_Extracted entries_
____
(* Let $r$ be a positive integer and $(S,\mathcal T)$ a feasible instance of test set with redundancy $r$, with $|S|=n$. Let $\mathcal T^*$ be an optimal (minimum-cardinality) $r$-test set, $m^*=|\mathcal T^*|$, let $\#_0=rn(n-1)/2$, and let $\#_B$ be the number of item pairs differentiated by exactly $r$ tests in $\mathcal T^*$; assume $\#_B>0$. Then the size of every solution returned by the set cover greedy algorithm SGA (with any tie-breaking) is at most $$\Big(\ln\#_0-\frac{1}{r+1}\ln\frac{\#_0}{\#_B}+\frac{r}{r+1}\ln(r+1)+1\Big)m^*+1.$$
   Context: Test set with redundancy $r\in\mathbb Z^+$: the input is a finite set of items $S$ with $|S|=n$ and a collection $\mathcal T$ of subsets of $S$ (called tests); it is assumed that there are no two tests $T_1,T_2\in\mathcal T$ with $T_1=S-T_2$. An item pair is a set $\{i,j\}$ of two different items of $S$. A test $T$ differentiates an item pair $a$ if $|T\cap a|=1$; for a family $\mathcal F$ of tests, $\perp(a,\mathcal F)$ denotes the number of tests in $\mathcal F$ that differentiate $a$. A family $\mathcal T'\subseteq\mathcal T$ is an $r$-test set of $S$ if every item pair is differentiated by at least $r$ different tests of $\mathcal T'$; the goal is to find an $r$-test set of minimum cardinality (the instance is feasible if some $r$-test set exists). For a family $\bar{\mathcal T}\subseteq\mathcal T$ define the differentiation measure $\#(\bar{\mathcal T})=\sum_a\max(r-\perp(a,\bar{\mathcal T}),0)$, the sum over all item pairs $a$; note $\#(\varnothing)=rn(n-1)/2$. The set cover greedy algorithm SGA: start with $\bar{\mathcal T}=\varnothing$; while $\#(\bar{\mathcal T})>0$, select a test $T\in\mathcal T-\bar{\mathcal T}$ minimizing $\#(\bar{\mathcal T}\cup\{T\})$ and set $\bar{\mathcal T}\leftarrow\bar{\mathcal T}\cup\{T\}$; return $\bar{\mathcal T}$. *)

From Stdlib Require Import Reals.
From mathcomp Require Import all_boot.

Set Implicit Arguments.
Unset Strict Implicit.
Unset Printing Implicit Defensive.

Section TestSet.
Variable S : finType.

Definition item_pair (a : {set S}) : bool := #|a| == 2.

Definition differentiates (T a : {set S}) : bool := #|T :&: a| == 1.

Definition perp (a : {set S}) (F : {set {set S}}) : nat :=
  #|[set T in F | differentiates T a]|.

Definition is_r_test_set (TT : {set {set S}}) (r : nat) (F : {set {set S}}) : Prop :=
  F \subset TT /\ forall a : {set S}, item_pair a -> r <= perp a F.

(* differentiation measure  #(F) = sum_a max(r - perp(a,F), 0)
   (truncated nat subtraction is exactly max(_,0)) *)
Definition measure (r : nat) (F : {set {set S}}) : nat :=
  \sum_(a : {set S} | item_pair a) (r - perp a F).

(* s is a complete run of the greedy algorithm SGA (with some tie-breaking):
   s lists the selected tests in selection order. *)
Definition sga_run (TT : {set {set S}}) (r : nat) (s : seq {set S}) : Prop :=
  (forall i, i < size s ->
     let F := [set X in take i s] in
     0 < measure r F /\
     nth set0 s i \in TT :\: F /\
     (forall T', T' \in TT :\: F ->
        measure r (nth set0 s i |: F) <= measure r (T' |: F))) /\
  measure r [set X in s] = 0.

End TestSet.

Section Bound.
Local Open Scope R_scope.
Definition diff0 (r n : nat) : R := INR r * INR n * (INR n - 1) / 2.
Definition sga_bound (r n m dB : nat) : R :=
  (ln (diff0 r n) - / (INR r + 1) * ln (diff0 r n / INR dB)
   + INR r / (INR r + 1) * ln (INR r + 1) + 1) * INR m + 1.
End Bound.

From Pilot Require Import Defs.
From Stdlib Require Import Reals Lra Lia.
From mathcomp Require Import all_boot zify.

Set Implicit Arguments.
Unset Strict Implicit.
Unset Printing Implicit Defensive.

(* Let D_i be the differentiation measure after i greedy steps, g_i = D_i - D_(i+1) the
   gain of step i, m = |T*| and x = #_B.  The tests of T* not chosen yet together gain at
   least D_i + N_i, where N_i counts the deficient pairs that T* differentiates more than
   r times, while D_i <= r x + r N_i.  Since the greedy test gains at least as much as
   each of them, D_i <= m g_i and (r+1) D_i <= r m g_i + r x.  The first inequality makes
   D shrink by a factor 1 - 1/m per step, the second makes (r+1) D - r x shrink by a
   factor 1 - (r+1)/(r m).  Counting the steps with D > r x by the second and the
   remaining ones by the first, using ln (1 - c) <= - c, gives the bound. *)

Section GreedyStep.
Variables (S : finType) (r : nat).
Implicit Types (a T : {set S}) (A F : {set {set S}}).

Definition gain T F : nat :=
  \sum_(a | item_pair a) (differentiates T a && (perp a F < r)).

Lemma perpE a F : perp a F = \sum_(T in F) differentiates T a.
Proof.
rewrite /perp -sum1dep_card big_mkcondr /=.
by apply: eq_bigr => T _; case: differentiates.
Qed.

Lemma perp_setU1 a T F : T \notin F ->
  perp a (T |: F) = perp a F + differentiates T a.
Proof. by move=> TF; rewrite !perpE big_setU1 //= addnC. Qed.

Lemma measure_setU1 T F : T \notin F ->
  measure r F = measure r (T |: F) + gain T F.
Proof.
move=> TF; rewrite /measure /gain -big_split /=; apply: eq_bigr => a _.
by rewrite perp_setU1 //; case: differentiates; case: (ltnP (perp a F) r) => /=; lia.
Qed.

Lemma sum_gain A F :
  \sum_(T in A) gain T F = \sum_(a | item_pair a) (perp a F < r) * perp a A.
Proof.
rewrite exchange_big /=; apply: eq_bigr => a _; rewrite (perpE a A) big_distrr /=.
by apply: eq_bigr => T _; case: differentiates; case: (perp a F < r).
Qed.

Lemma perp_le_card a F : perp a F <= #|F|.
Proof. by apply/subset_leq_card/subsetP => T; rewrite inE => /andP []. Qed.

Lemma perp_le_setD a A F : perp a A <= perp a (A :\: F) + perp a F.
Proof.
rewrite !perpE (big_setID F) /= addnC leq_add2l.
by rewrite [X in _ <= X](big_setID A) /= setIC leq_addr.
Qed.

Variables (TT Tstar : {set {set S}}).
Hypotheses (Tstar_sub : Tstar \subset TT)
           (Tstar_cover : forall a, item_pair a -> r <= perp a Tstar).

Definition tight_pairs : {set {set S}} :=
  [set a | item_pair a && (perp a Tstar == r)].

Definition deficient_loose F : nat :=
  \sum_(a | item_pair a) ((perp a F < r) && (perp a Tstar != r)).

Lemma card_tight_pairs :
  #|tight_pairs| = \sum_(a | item_pair a) (perp a Tstar == r).
Proof. by rewrite -sum1dep_card big_mkcondr /=; apply: eq_bigr => a _; case: eqP. Qed.

Lemma measure_add_loose_le F :
  measure r F + deficient_loose F <= \sum_(T in Tstar :\: F) gain T F.
Proof.
rewrite sum_gain /measure -big_split /=; apply: leq_sum => a pa.
have := Tstar_cover pa; have := perp_le_setD a Tstar F.
by case: (ltnP (perp a F) r) => /=; case: (eqVneq (perp a Tstar) r) => /=; lia.
Qed.

Lemma measure_le_tight_loose F :
  measure r F <= r * #|tight_pairs| + r * deficient_loose F.
Proof.
rewrite card_tight_pairs /measure /deficient_loose !big_distrr -big_split /=.
apply: leq_sum => a _; case: (eqVneq (perp a Tstar) r) => /= _;
  by case: (ltnP (perp a F) r) => /=; lia.
Qed.

Variables (F : {set {set S}}) (T0 : {set S}).
Hypotheses (T0_new : T0 \in TT :\: F)
  (T0_greedy : forall T, T \in TT :\: F -> measure r (T0 |: F) <= measure r (T |: F)).

Lemma greedy_gain_max T : T \in Tstar :\: F -> gain T F <= gain T0 F.
Proof.
case/setDP=> TTstar TF; have [_ T0F] := setDP T0_new.
have T_new : T \in TT :\: F by apply/setDP; split; first exact: (subsetP Tstar_sub).
have := T0_greedy T_new; have := measure_setU1 TF; have := measure_setU1 T0F; lia.
Qed.

Lemma greedy_step_bounds :
  measure r F <= #|Tstar| * gain T0 F /\
  r.+1 * measure r F <= r * (#|Tstar| * gain T0 F) + r * #|tight_pairs|.
Proof.
have sum_le : \sum_(T in Tstar :\: F) gain T F <= #|Tstar| * gain T0 F.
  apply: leq_trans (_ : \sum_(T in Tstar :\: F) gain T0 F <= _).
    exact: leq_sum greedy_gain_max.
  by rewrite sum_nat_const leq_mul2r subset_leq_card ?subsetDl ?orbT.
have := measure_add_loose_le F; have := measure_le_tight_loose F.
split; nia.
Qed.

End GreedyStep.

Section LogDecay.
Local Open Scope R_scope.

Lemma INR_leq (p q : nat) : (p <= q)%N -> INR p <= INR q.
Proof. by move/leP/le_INR. Qed.

Lemma INR_ltn (p q : nat) : (p < q)%N -> INR p < INR q.
Proof. by move/ltP/lt_INR. Qed.

Lemma INR_gt0 (p : nat) : (0 < p)%N -> 0 < INR p.
Proof. by move/ltP/lt_0_INR. Qed.

Lemma INR_ge1 (p : nat) : (0 < p)%N -> 1 <= INR p.
Proof. by move/leP/(le_INR 1). Qed.

Lemma ln_le x y : 0 < x -> x <= y -> ln x <= ln y.
Proof.
move=> x_gt0 /Rle_lt_or_eq_dec [/(ln_increasing _ _ x_gt0)/Rlt_le // | ->].
exact: Rle_refl.
Qed.

Lemma ln_decay u v c : 0 < u -> 0 < v -> v <= (1 - c) * u -> c <= ln u - ln v.
Proof.
move=> u_gt0 v_gt0 v_le.
have c_lt1 : 0 < 1 - c by nra.
have : ln v <= ln (1 - c) + ln u by rewrite -ln_mult //; exact: ln_le.
have : ln (1 - c) <= - c.
  by rewrite -[X in _ <= X]ln_exp; apply: ln_le => //; have := exp_ineq1_le (- c); lra.
lra.
Qed.

Lemma ln_geometric_decay (u : nat -> R) c t :
  (forall i, (i <= t)%N -> 0 < u i) ->
  (forall i, (i < t)%N -> u i.+1 <= (1 - c) * u i) ->
  c * INR t <= ln (u 0%N) - ln (u t).
Proof.
elim: t => [|t IH] u_gt0 u_decay; first by rewrite Rmult_0_r; lra.
have := IH (fun i it => u_gt0 i (leqW it)) (fun i it => u_decay i (ltnW it)).
have := ln_decay (u_gt0 t (leqnSn t)) (u_gt0 t.+1 (leqnn _)) (u_decay t (ltnSn t)).
rewrite S_INR; lra.
Qed.

End LogDecay.

Section GreedyRecurrence.
Local Open Scope R_scope.
Variables (r m x P k : nat) (D g : nat -> nat).
Hypotheses (r_gt0 : (0 < r)%N) (m_gt0 : (0 < m)%N)
           (x_gt0 : (0 < x)%N) (x_le_P : (x <= P)%N).
Hypothesis D0 : D 0%N = (r * P)%N.
Hypothesis D_gt0 : forall i, (i < k)%N -> (0 < D i)%N.
Hypothesis D_step : forall i, (i < k)%N -> D i = (D i.+1 + g i)%N.
Hypothesis D_le_gain : forall i, (i < k)%N -> (D i <= m * g i)%N.
Hypothesis D_le_gain_tight :
  forall i, (i < k)%N -> (r.+1 * D i <= r * (m * g i) + r * x)%N.

Let r_ge1 : 1 <= INR r. Proof. exact: INR_ge1. Qed.
Let m_ge1 : 1 <= INR m. Proof. exact: INR_ge1. Qed.
Let x_ge1 : 1 <= INR x. Proof. exact: INR_ge1. Qed.

Let D_stepR i : (i < k)%N -> INR (D i) = INR (D i.+1) + INR (g i).
Proof. by move=> ik; rewrite (D_step ik) plus_INR. Qed.

Let D_le_gainR i : (i < k)%N -> INR (D i) <= INR m * INR (g i).
Proof. by move=> ik; rewrite -mult_INR multE; apply/INR_leq/D_le_gain. Qed.

Let D_le_gain_tightR i : (i < k)%N ->
  (INR r + 1) * INR (D i) <= INR r * (INR m * INR (g i)) + INR r * INR x.
Proof.
move=> ik; rewrite -S_INR -!mult_INR -plus_INR multE plusE.
exact/INR_leq/D_le_gain_tight.
Qed.

Lemma D_decay i : (i < k)%N -> INR (D i.+1) <= (1 - / INR m) * INR (D i).
Proof.
move=> ik; apply: (Rmult_le_reg_l (INR m)); first lra.
have -> : INR m * ((1 - / INR m) * INR (D i)) = (INR m - 1) * INR (D i) by field; lra.
by move: (D_le_gainR ik); rewrite (D_stepR ik) => le; nra.
Qed.

Let excess i := (INR r + 1) * INR (D i) - INR r * INR x.

Lemma excess_decay i : (i < k)%N ->
  excess i.+1 <= (1 - (INR r + 1) / (INR r * INR m)) * excess i.
Proof.
move=> ik; apply: (Rmult_le_reg_l (INR r * INR m)); first nra.
have -> : INR r * INR m * ((1 - (INR r + 1) / (INR r * INR m)) * excess i)
          = (INR r * INR m - INR r - 1) * excess i by field; lra.
by move: (D_le_gain_tightR ik); rewrite /excess (D_stepR ik) => le; nra.
Qed.

Lemma phase1_bound j : (j <= k)%N -> (forall i, (i < j)%N -> (r * x < D i)%N) ->
  INR j <= 1 + INR r * INR m / (INR r + 1) *
                 (ln ((INR r + 1) * INR (r * P)) - ln (INR r * INR r * INR x)).
Proof.
move=> jk above.
have rx_le_Z : INR r * INR x <= INR (r * P).
  by rewrite -mult_INR; apply/INR_leq; rewrite leq_mul2l x_le_P orbT.
have coef_ge0 : 0 <= INR r * INR m / (INR r + 1).
  by apply: Rmult_le_pos; [nra | apply/Rlt_le/Rinv_0_lt_compat; lra].
case: j jk above => [|j] jk above.
  have : ln (INR r * INR r * INR x) <= ln ((INR r + 1) * INR (r * P)) by apply: ln_le; nra.
  by rewrite /=; nra.
have excess_big i : (i <= j)%N -> INR r * INR r * INR x < excess i.
  move=> ij; have := INR_ltn (above i ij); rewrite mult_INR /excess; nra.
have decay : (INR r + 1) / (INR r * INR m) * INR j <= ln (excess 0%N) - ln (excess j).
  apply: ln_geometric_decay => i ij.
    by have := excess_big i ij; nra.
  by apply: excess_decay; apply: leq_trans jk; rewrite ltnS ltnW.
have : ln (excess 0%N) <= ln ((INR r + 1) * INR (r * P)).
  by apply: ln_le; [have := excess_big 0%N isT; nra | rewrite /excess D0; nra].
have : ln (INR r * INR r * INR x) < ln (excess j).
  by apply: ln_increasing; [nra | exact: excess_big].
move=> ln_excess_j ln_excess_0.
rewrite S_INR.
have -> : INR j = INR r * INR m / (INR r + 1) * ((INR r + 1) / (INR r * INR m) * INR j)
  by field; lra.
rewrite Rplus_comm; apply/Rplus_le_compat_l/Rmult_le_compat_l => //; lra.
Qed.

Lemma phase2_bound j : (j < k)%N -> (D j <= r * x)%N ->
  INR k <= INR j + 1 + INR m * ln (INR r * INR x).
Proof.
move=> jk below; set t := (k - j.+1)%N.
have k_eq : k = (j + t).+1 by rewrite /t; lia.
have decay : / INR m * INR t <= ln (INR (D (j + 0)%N)) - ln (INR (D (j + t)%N)).
  apply: (ln_geometric_decay (u := fun i => INR (D (j + i)))) => i it.
    by apply/INR_gt0/D_gt0; lia.
  by rewrite addnS; apply: D_decay; lia.
rewrite addn0 in decay.
have : 0 <= ln (INR (D (j + t)%N)).
  by rewrite -ln_1; apply: ln_le; [lra | apply/INR_ge1/D_gt0; lia].
have : ln (INR (D j)) <= ln (INR r * INR x).
  by apply: ln_le; [apply/INR_gt0/D_gt0 | rewrite -mult_INR multE; apply: INR_leq].
move=> ln_Dj ln_Dt_ge0.
have : INR t <= INR m * ln (INR r * INR x).
  apply: (Rmult_le_reg_l (/ INR m)); first by apply: Rinv_0_lt_compat; lra.
  by rewrite -Rmult_assoc Rinv_l ?Rmult_1_l; lra.
by rewrite k_eq S_INR plus_INR; lra.
Qed.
____
_Task details_
Read the data above and pull out each line that holds the string "finType".

_Answer to this exercise_
Variable S : finType.
Variables (S : finType) (r : nat).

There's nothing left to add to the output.